> **Exercise requirements**: Keep to one stretch of the data below, the lines from the one with "Section LogisticSolution." up to and including the one with "move=> Ox sT;", and return that stretch exactly.

Stored items:
"""
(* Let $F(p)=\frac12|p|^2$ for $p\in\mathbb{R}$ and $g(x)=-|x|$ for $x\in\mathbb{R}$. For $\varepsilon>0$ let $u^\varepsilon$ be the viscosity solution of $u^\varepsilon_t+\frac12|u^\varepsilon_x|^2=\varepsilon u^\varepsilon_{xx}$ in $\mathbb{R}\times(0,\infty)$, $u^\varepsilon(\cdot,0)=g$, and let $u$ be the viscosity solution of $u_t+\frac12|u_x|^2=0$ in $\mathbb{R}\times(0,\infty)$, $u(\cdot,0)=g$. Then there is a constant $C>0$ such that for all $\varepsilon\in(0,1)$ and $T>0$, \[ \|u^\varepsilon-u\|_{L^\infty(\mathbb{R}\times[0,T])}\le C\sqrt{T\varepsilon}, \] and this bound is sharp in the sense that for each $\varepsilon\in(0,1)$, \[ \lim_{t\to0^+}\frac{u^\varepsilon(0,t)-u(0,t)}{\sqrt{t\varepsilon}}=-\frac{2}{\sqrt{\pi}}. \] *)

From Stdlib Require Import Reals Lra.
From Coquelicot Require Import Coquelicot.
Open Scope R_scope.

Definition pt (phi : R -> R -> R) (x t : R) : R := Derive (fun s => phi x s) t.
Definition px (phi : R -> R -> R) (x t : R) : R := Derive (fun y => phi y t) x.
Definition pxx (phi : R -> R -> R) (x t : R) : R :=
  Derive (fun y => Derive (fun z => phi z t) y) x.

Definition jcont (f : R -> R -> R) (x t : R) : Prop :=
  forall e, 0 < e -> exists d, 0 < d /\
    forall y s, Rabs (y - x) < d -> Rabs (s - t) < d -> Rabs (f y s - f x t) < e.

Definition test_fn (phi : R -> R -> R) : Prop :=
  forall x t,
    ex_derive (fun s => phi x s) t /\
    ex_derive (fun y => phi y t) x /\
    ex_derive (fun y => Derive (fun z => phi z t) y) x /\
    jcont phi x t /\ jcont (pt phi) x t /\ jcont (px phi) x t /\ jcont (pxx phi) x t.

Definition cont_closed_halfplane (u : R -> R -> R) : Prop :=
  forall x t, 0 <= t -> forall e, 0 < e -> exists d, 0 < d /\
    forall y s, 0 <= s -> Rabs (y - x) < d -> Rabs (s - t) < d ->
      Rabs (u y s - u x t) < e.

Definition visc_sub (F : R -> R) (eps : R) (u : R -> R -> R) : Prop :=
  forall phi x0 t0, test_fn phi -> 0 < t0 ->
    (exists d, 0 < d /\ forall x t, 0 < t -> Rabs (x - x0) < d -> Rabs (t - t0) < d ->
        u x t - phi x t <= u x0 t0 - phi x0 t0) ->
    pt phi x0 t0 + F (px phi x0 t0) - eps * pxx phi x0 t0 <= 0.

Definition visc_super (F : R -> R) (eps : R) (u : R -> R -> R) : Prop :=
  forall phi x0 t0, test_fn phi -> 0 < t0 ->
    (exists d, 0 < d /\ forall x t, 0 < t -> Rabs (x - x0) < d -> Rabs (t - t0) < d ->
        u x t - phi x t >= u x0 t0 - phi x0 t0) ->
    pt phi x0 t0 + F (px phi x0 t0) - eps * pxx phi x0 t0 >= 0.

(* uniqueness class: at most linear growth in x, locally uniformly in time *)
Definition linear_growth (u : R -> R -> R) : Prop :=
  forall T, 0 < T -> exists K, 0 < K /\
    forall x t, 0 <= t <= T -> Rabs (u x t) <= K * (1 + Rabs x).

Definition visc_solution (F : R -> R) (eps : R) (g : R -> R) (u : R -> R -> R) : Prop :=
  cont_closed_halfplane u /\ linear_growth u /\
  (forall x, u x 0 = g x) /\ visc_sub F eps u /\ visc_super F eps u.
"""
"""
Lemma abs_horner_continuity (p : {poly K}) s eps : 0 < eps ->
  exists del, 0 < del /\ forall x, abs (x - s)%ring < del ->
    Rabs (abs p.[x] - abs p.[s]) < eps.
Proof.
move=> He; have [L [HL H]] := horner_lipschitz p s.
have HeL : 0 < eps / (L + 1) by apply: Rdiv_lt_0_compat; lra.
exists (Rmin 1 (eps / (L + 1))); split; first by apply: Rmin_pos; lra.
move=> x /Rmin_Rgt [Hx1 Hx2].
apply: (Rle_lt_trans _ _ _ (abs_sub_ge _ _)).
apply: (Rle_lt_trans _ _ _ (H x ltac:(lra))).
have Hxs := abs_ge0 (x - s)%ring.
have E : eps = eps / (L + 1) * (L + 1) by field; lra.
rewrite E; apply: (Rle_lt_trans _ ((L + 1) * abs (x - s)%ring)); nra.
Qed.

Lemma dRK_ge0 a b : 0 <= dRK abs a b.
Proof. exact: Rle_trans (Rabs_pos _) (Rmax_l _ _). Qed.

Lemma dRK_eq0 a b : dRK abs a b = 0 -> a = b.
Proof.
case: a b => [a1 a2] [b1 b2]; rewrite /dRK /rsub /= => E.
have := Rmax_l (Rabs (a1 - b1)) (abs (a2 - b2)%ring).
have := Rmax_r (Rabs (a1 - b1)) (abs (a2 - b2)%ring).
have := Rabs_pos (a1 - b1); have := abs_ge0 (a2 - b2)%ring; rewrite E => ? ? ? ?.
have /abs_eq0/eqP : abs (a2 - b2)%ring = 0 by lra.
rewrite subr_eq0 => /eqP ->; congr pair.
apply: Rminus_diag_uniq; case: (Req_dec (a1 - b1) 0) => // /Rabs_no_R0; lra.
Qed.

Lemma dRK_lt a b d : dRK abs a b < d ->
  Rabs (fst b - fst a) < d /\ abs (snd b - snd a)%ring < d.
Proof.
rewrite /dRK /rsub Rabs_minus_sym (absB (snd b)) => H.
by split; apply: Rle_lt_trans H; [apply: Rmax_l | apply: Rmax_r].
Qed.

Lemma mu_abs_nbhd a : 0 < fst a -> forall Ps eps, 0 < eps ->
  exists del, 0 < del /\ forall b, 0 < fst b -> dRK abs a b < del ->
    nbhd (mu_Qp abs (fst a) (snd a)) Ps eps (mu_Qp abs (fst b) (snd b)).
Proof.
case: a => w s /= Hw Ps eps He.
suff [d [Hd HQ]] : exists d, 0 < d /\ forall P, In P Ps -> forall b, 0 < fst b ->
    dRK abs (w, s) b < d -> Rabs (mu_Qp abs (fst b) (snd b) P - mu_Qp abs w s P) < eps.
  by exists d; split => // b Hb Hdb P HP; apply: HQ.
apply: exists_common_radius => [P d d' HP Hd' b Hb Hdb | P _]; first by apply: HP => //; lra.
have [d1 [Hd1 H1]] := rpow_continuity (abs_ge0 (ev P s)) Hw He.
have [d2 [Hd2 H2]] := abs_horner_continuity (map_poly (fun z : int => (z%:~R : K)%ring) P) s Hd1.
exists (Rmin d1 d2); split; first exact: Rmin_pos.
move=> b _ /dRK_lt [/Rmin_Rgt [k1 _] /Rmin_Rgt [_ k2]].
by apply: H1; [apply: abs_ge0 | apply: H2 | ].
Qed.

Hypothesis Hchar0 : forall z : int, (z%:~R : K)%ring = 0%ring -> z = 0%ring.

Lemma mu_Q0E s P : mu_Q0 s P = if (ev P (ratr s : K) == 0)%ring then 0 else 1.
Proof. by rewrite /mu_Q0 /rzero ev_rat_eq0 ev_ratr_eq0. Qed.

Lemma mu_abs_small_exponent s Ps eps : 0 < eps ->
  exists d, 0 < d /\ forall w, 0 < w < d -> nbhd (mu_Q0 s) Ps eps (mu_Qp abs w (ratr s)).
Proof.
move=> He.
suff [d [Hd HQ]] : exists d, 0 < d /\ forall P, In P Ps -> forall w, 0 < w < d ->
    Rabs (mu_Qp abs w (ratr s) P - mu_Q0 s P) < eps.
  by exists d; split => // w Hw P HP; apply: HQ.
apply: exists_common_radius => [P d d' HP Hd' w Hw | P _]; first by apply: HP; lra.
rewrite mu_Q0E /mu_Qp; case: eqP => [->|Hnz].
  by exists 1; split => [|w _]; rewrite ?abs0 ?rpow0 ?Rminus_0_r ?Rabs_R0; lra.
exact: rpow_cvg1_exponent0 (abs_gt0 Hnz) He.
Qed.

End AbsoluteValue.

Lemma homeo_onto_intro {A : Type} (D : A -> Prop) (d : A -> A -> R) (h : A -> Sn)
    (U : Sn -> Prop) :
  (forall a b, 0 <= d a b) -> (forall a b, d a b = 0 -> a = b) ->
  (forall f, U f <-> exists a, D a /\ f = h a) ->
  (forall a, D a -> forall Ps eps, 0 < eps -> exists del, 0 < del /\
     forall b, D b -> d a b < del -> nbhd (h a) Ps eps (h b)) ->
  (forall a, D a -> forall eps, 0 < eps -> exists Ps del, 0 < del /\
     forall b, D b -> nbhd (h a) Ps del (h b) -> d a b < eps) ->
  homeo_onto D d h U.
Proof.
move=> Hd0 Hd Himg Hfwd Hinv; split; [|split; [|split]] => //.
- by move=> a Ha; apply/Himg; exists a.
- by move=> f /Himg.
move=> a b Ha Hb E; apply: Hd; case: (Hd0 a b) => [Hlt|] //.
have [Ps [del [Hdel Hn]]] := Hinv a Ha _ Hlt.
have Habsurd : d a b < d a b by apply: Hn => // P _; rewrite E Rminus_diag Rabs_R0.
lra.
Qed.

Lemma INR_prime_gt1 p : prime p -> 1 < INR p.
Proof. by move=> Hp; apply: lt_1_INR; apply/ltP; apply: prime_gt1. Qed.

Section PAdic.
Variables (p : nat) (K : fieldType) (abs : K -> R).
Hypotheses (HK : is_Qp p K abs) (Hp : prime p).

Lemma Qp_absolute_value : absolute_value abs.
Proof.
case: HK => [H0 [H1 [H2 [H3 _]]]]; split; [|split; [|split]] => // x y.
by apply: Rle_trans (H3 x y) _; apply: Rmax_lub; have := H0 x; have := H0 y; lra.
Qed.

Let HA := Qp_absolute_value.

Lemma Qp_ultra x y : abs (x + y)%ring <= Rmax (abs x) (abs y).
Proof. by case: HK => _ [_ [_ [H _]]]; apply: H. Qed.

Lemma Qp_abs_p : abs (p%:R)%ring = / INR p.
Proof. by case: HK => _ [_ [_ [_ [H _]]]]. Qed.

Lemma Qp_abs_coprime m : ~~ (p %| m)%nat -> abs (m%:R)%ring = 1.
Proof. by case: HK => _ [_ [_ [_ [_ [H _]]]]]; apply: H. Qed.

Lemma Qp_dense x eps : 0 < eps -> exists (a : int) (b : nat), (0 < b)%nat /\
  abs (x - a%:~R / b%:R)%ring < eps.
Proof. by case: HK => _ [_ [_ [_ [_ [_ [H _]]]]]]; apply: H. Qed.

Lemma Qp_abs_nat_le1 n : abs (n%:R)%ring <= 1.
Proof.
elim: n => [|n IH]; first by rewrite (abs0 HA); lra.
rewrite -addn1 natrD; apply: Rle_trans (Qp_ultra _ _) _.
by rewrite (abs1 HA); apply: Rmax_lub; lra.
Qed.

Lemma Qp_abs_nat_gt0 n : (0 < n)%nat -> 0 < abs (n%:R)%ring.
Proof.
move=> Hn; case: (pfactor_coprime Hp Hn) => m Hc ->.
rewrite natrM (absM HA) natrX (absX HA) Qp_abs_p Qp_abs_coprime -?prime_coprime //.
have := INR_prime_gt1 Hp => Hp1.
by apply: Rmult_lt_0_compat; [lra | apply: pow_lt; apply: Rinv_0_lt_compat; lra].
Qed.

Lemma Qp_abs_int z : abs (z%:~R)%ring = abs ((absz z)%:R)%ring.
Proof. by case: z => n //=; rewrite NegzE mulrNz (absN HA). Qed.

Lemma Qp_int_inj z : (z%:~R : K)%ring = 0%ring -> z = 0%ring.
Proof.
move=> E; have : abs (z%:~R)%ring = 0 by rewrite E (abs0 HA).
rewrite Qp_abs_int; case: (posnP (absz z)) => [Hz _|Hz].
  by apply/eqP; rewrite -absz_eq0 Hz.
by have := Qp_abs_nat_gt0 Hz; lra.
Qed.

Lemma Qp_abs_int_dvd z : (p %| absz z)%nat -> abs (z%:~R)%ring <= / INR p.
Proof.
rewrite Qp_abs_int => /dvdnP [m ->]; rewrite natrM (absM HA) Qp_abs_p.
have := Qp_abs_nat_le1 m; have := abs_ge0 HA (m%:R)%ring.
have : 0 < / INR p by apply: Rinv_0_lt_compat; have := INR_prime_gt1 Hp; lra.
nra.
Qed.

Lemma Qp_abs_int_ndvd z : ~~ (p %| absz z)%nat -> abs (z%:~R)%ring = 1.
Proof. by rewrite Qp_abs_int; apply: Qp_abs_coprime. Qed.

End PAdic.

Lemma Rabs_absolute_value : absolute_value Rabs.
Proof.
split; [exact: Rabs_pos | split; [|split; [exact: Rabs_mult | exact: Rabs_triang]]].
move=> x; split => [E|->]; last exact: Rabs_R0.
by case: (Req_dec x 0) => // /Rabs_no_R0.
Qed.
"""
"""
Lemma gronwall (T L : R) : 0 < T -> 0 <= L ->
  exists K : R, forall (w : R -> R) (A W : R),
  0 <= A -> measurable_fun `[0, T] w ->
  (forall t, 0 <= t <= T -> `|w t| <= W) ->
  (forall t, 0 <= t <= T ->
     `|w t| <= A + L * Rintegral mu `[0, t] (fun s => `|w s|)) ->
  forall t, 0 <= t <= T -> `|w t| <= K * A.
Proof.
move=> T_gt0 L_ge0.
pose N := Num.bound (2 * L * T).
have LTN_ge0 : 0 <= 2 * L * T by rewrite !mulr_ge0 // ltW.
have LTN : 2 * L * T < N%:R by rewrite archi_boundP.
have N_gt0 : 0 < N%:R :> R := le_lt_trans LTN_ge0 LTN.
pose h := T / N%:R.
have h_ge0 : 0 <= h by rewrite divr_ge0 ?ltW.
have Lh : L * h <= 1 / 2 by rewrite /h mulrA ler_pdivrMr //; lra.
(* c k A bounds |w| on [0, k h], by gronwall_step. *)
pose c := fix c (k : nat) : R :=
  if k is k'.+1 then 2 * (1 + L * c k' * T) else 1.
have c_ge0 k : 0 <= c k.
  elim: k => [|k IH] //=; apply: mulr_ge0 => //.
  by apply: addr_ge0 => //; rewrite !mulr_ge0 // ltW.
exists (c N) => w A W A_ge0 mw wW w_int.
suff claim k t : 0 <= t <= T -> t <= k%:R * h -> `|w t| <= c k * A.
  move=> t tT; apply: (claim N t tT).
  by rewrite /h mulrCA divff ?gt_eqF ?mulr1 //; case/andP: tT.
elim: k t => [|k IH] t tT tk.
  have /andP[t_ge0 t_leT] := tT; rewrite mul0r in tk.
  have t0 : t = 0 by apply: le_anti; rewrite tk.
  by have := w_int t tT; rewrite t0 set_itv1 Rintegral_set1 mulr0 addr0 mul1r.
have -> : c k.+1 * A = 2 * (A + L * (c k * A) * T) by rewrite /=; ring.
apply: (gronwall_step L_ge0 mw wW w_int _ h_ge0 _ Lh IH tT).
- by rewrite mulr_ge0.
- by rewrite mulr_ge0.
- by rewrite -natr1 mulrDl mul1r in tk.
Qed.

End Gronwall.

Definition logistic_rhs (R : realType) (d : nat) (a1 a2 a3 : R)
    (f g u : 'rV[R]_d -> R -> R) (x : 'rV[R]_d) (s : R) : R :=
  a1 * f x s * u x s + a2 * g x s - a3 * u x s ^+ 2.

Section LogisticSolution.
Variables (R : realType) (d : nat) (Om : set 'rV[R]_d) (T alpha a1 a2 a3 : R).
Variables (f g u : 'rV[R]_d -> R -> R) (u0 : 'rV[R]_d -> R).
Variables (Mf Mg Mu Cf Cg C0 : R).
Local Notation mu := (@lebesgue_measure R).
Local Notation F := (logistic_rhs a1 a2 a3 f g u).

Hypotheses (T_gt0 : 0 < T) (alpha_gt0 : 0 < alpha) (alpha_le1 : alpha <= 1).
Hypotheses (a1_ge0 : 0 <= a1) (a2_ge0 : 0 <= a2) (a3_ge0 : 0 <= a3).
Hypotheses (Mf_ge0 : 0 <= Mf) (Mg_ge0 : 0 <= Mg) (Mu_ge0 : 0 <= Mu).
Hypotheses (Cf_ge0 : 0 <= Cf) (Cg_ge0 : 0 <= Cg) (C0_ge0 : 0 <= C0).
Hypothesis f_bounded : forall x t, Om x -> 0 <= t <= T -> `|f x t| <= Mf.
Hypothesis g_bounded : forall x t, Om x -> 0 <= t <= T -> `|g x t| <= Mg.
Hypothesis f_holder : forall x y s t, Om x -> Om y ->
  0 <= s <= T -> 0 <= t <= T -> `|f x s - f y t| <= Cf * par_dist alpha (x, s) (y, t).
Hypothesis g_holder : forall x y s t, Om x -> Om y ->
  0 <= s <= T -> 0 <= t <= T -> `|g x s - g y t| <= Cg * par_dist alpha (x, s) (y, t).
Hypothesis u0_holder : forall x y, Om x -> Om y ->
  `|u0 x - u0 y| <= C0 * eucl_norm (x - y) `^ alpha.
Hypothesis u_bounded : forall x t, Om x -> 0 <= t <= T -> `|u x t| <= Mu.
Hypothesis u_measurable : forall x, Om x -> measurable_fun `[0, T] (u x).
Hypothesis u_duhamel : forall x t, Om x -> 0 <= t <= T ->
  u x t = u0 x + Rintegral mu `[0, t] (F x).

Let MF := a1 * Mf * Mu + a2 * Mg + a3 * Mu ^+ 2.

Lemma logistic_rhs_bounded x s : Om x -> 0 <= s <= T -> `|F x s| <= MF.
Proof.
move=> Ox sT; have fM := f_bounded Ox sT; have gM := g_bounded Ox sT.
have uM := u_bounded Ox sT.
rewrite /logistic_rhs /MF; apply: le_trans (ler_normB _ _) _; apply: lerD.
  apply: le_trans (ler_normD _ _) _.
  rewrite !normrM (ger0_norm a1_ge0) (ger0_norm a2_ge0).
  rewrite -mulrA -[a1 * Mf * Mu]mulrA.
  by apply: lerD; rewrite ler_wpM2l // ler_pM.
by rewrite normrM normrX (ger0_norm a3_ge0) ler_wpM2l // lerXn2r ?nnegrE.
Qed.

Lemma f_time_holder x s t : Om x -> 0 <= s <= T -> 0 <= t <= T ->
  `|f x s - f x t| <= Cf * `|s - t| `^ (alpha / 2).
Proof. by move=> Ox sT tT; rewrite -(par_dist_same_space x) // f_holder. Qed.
"""
> **Expected answer**:
Section LogisticSolution.
Variables (R : realType) (d : nat) (Om : set 'rV[R]_d) (T alpha a1 a2 a3 : R).
Variables (f g u : 'rV[R]_d -> R -> R) (u0 : 'rV[R]_d -> R).
Variables (Mf Mg Mu Cf Cg C0 : R).
Local Notation mu := (@lebesgue_measure R).
Local Notation F := (logistic_rhs a1 a2 a3 f g u).

Hypotheses (T_gt0 : 0 < T) (alpha_gt0 : 0 < alpha) (alpha_le1 : alpha <= 1).
Hypotheses (a1_ge0 : 0 <= a1) (a2_ge0 : 0 <= a2) (a3_ge0 : 0 <= a3).
Hypotheses (Mf_ge0 : 0 <= Mf) (Mg_ge0 : 0 <= Mg) (Mu_ge0 : 0 <= Mu).
Hypotheses (Cf_ge0 : 0 <= Cf) (Cg_ge0 : 0 <= Cg) (C0_ge0 : 0 <= C0).
Hypothesis f_bounded : forall x t, Om x -> 0 <= t <= T -> `|f x t| <= Mf.
Hypothesis g_bounded : forall x t, Om x -> 0 <= t <= T -> `|g x t| <= Mg.
Hypothesis f_holder : forall x y s t, Om x -> Om y ->
  0 <= s <= T -> 0 <= t <= T -> `|f x s - f y t| <= Cf * par_dist alpha (x, s) (y, t).
Hypothesis g_holder : forall x y s t, Om x -> Om y ->
  0 <= s <= T -> 0 <= t <= T -> `|g x s - g y t| <= Cg * par_dist alpha (x, s) (y, t).
Hypothesis u0_holder : forall x y, Om x -> Om y ->
  `|u0 x - u0 y| <= C0 * eucl_norm (x - y) `^ alpha.
Hypothesis u_bounded : forall x t, Om x -> 0 <= t <= T -> `|u x t| <= Mu.
Hypothesis u_measurable : forall x, Om x -> measurable_fun `[0, T] (u x).
Hypothesis u_duhamel : forall x t, Om x -> 0 <= t <= T ->
  u x t = u0 x + Rintegral mu `[0, t] (F x).

Let MF := a1 * Mf * Mu + a2 * Mg + a3 * Mu ^+ 2.

Lemma logistic_rhs_bounded x s : Om x -> 0 <= s <= T -> `|F x s| <= MF.
Proof.
move=> Ox sT; have fM := f_bounded Ox sT; have gM := g_bounded Ox sT.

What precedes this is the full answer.